Contributing to BeaverDB
BeaverDB follows a “Simplicity First” philosophy not just in its API, but also in its development workflow. We minimize tooling overhead and prefer standard Python ecosystem tools.
Environment Setup
To contribute, you’ll need Python 3.12+. We recommend using a virtual environment.
# 1. Clone the repository
git clone https://github.com/syalia-srl/beaver.git
cd beaver
# 2. Create a virtual environment
python -m venv .venv
source .venv/bin/activate # or .venv\Scripts\activate on Windows
# 3. Install in editable mode with ALL dependencies (dev, server, vector, graph)
uv syncDevelopment Workflow (Makefile)
We use a makefile to automate common tasks. You don’t need to memorize complex commands.
| Command | Description |
|---|---|
make test-unit |
Runs fast unit tests (Default). Use this during local dev. |
make test-all |
Runs all tests, including slow integration and concurrency tests. |
make format |
Runs black to format code and commits the changes. |
make docs |
Publishes the documentation to GitHub Pages (requires permissions). |
make issues |
Syncs local markdown issues with GitHub Issues (see below). |
Issue Tracking (File-Based)
BeaverDB uses a unique “Docs-as-Code” approach for issue tracking using the gh-md-issues extension.

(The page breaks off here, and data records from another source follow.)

Variable Y : nat -> Prop.
Hypothesis Y_hom : forall t, min_homogeneous (pattern_coloring H t) Y k.

Lemma regressive_value_pattern (E top : seq nat) (x y : pt k.+1) :
  sorted ltn (E ++ top) -> size top = k -> (forall b, b \in E ++ top -> Y b) ->
  {subset x <= E} -> H x = Some y ->
  exists t, exists2 a, a \in E & pattern_coloring H t (a :: top) = Some y.
Proof.
move=> sEt sztop Ys xE Hx.
have [a [B [ax xaB pB szB BEt]]] := padded_support sEt (eq_leq (esym sztop)) xE.
have [t t0 tx] := pattern_of_pt szB ax xaB.
have aE := xE a ax.
exists t, a => //; rewrite -(@Y_hom t a B top) /pattern_coloring ?t0 ?tx //.
- by apply: Ys; rewrite mem_cat aE.
- rewrite (path_sortedE ltn_trans) (cat_sorted2 sEt).2 andbT.
  by apply/allP => b; apply: sorted_ltn_cat_lt sEt a b aE.
- by move=> b /BEt; apply: Ys.
- by move=> b bt; apply: Ys; rewrite mem_cat bt orbT.
Qed.

Lemma card_regressive_values_le (U : fun_assignment k.+1) (n p : nat) (s : seq nat) :
  sorted ltn s -> size s = (p + k)%N -> (forall b, b \in s -> Y b) ->
  {in box k.+1 (foldr maxn 0 s), regressive_at U (cube k.+1 n) =1 H} ->
  #|` regressive_values U (cube k.+1 n) [fset a in take p s]| <= k.+1 ^ k.+1 * p.
Proof.
move=> ss szs Ys Hn; pose E := take p s; pose top := drop p s.
have sEt : sorted ltn (E ++ top) by rewrite cat_take_drop.
have sztop : size top = k by rewrite size_drop szs addKn.
have EtY b : b \in E ++ top -> Y b by rewrite cat_take_drop; apply: Ys.
pose L := [seq odflt (nseq_tuple k.+1 0) (pattern_coloring H t (a :: top)) |
           t <- enum {: k.+1.-tuple 'I_k.+1}, a <- E].
apply: (@leq_trans #|` [fset y in L]|).
  apply/fsubset_leq_card/fsubsetP => _ /imfsetP [z /= /andP [zE zreg] ->].
  have xE : {subset val z <= E} by move=> a /(allP zE); rewrite inE.
  have Hz : H (val z) = Some (val (U _ z)).
    rewrite -Hn ?regressive_at_val // mem_box.
    by apply/allP => a /xE /mem_take /leq_foldr_maxn.
  have [t [a aE ta]] := regressive_value_pattern sEt sztop EtY xE Hz.
  by rewrite inE; apply/allpairsP; exists (t, a); rewrite /= mem_enum ta.
rewrite card_fseq (leq_trans (size_undup _)) // size_allpairs size_takel ?szs ?leq_addr //.
by rewrite -cardE card_tuple card_ord.
Qed.

End PatternColoring.

Theorem theorem0p6 (k p : nat) (hk : 0 < k) (hp : 0 < p) (U : fun_assignment k) :
  exists (A : {fset pt k}) (E : {fset nat}),
    [/\ #|` E| = p,
        (forall x : pt k, in_power E x -> x \in A) &
        #|` regressive_values U A E| <= k ^ k * p].
Proof.
case: k hk U => // k _ U.
have [H [H_lt H_lim]] := regressive_limit U.
have [Y [UY _ Y_hom]] := min_homogeneous_many k (pattern_coloring_below H_lt)
  (enum {: k.+1.-tuple 'I_k.+1}) unbounded_True.
have [s [szs ps Ys]] := unbounded_sorted_seq UY (p + k) 0.
have ss : sorted ltn s := path_sorted ps.
have [n Mn Hn] := H_lim (foldr maxn 0 s).
exists (cube k.+1 n), [fset a in take p s]; split.
- rewrite card_fseq undup_id ?size_takel ?szs ?leq_addr //.
  exact/take_uniq/(sorted_uniq ltn_trans ltnn).
- move=> x /allP xE; rewrite inE mem_box; apply/allP => a /xE; rewrite inE.
  by move=> /mem_take /leq_foldr_maxn /leq_trans; apply.
- exact: card_regressive_values_le (fun t => Y_hom t (mem_enum _ _)) U n p s ss szs Ys Hn.
Qed.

- Issues are Files: Every issue exists as a markdown file in the
issues/directory (e.g.,issues/31-composable-graph-rag.md). - Syncing: We edit these files locally to draft feature plans or update status. Running
make issuespushes these changes to GitHub Issues and pulls any comments/updates back to your local files.
Workflow:
- Create a new file
issues/New-Feature.md. - Write the frontmatter (
title,labels,state: open). - Run
make issuesto create it on GitHub.
Testing Philosophy
Our test suite is divided into strict categories to keep the “Feedback Loop” fast. We use pytest markers defined in pytest.ini.
Unit Tests (pytest -m unit)
- Goal: Instant feedback (< 1 second).
- Scope: In-memory logic, single-process SQLite, schema validation.
- Rule: NEVER sleep, NEVER perform network I/O, NEVER spawn subprocesses.
Integration Tests (pytest -m integration)
- Goal: Verification of complex interactions.
- Scope: Client-Server communication (FastAPI), File I/O (Blobs), Persistence checks.
- Rule: Can be slower, but must be robust/deterministic.
Concurrency Tests (pytest -m concurrency)
- Goal: Stress testing locks and race conditions.
- Scope: Multiprocessing, locking correctness, high-contention scenarios.
- Rule: These are slow and resource-intensive. Run them only before a PR.
The Future of BeaverDB
BeaverDB is feature-complete for its core mission: a multi-modal embedded database. The future roadmap focuses on Architecture and Stability rather than adding new data structures.
A. The “Async Core” Migration
The single biggest remaining milestone is refactoring the core to be Async-First.
- Current: Synchronous core with async wrappers.
- Future:
AsyncBeaverDB(usingaiosqlite) as the engine, with a synchronousBeaverDBfacade on top. This will allow handling thousands of concurrent Pub/Sub listeners and Locks on a single event loop.
B. Client-Server Parity
We aim for the BeaverClient (HTTP) to be a 100% drop-in replacement for BeaverDB (Local). Code written for one should run on the other without modification. This allows developers to start local (embedded) and scale to a server deployment effortlessly.
C. API Stability
We are committed to a stable, Pythonic API. We resist “feature creep.” If a feature can be implemented as a plugin or helper function on top of existing primitives (like DocumentStream built on walk), it belongs there, not in the core.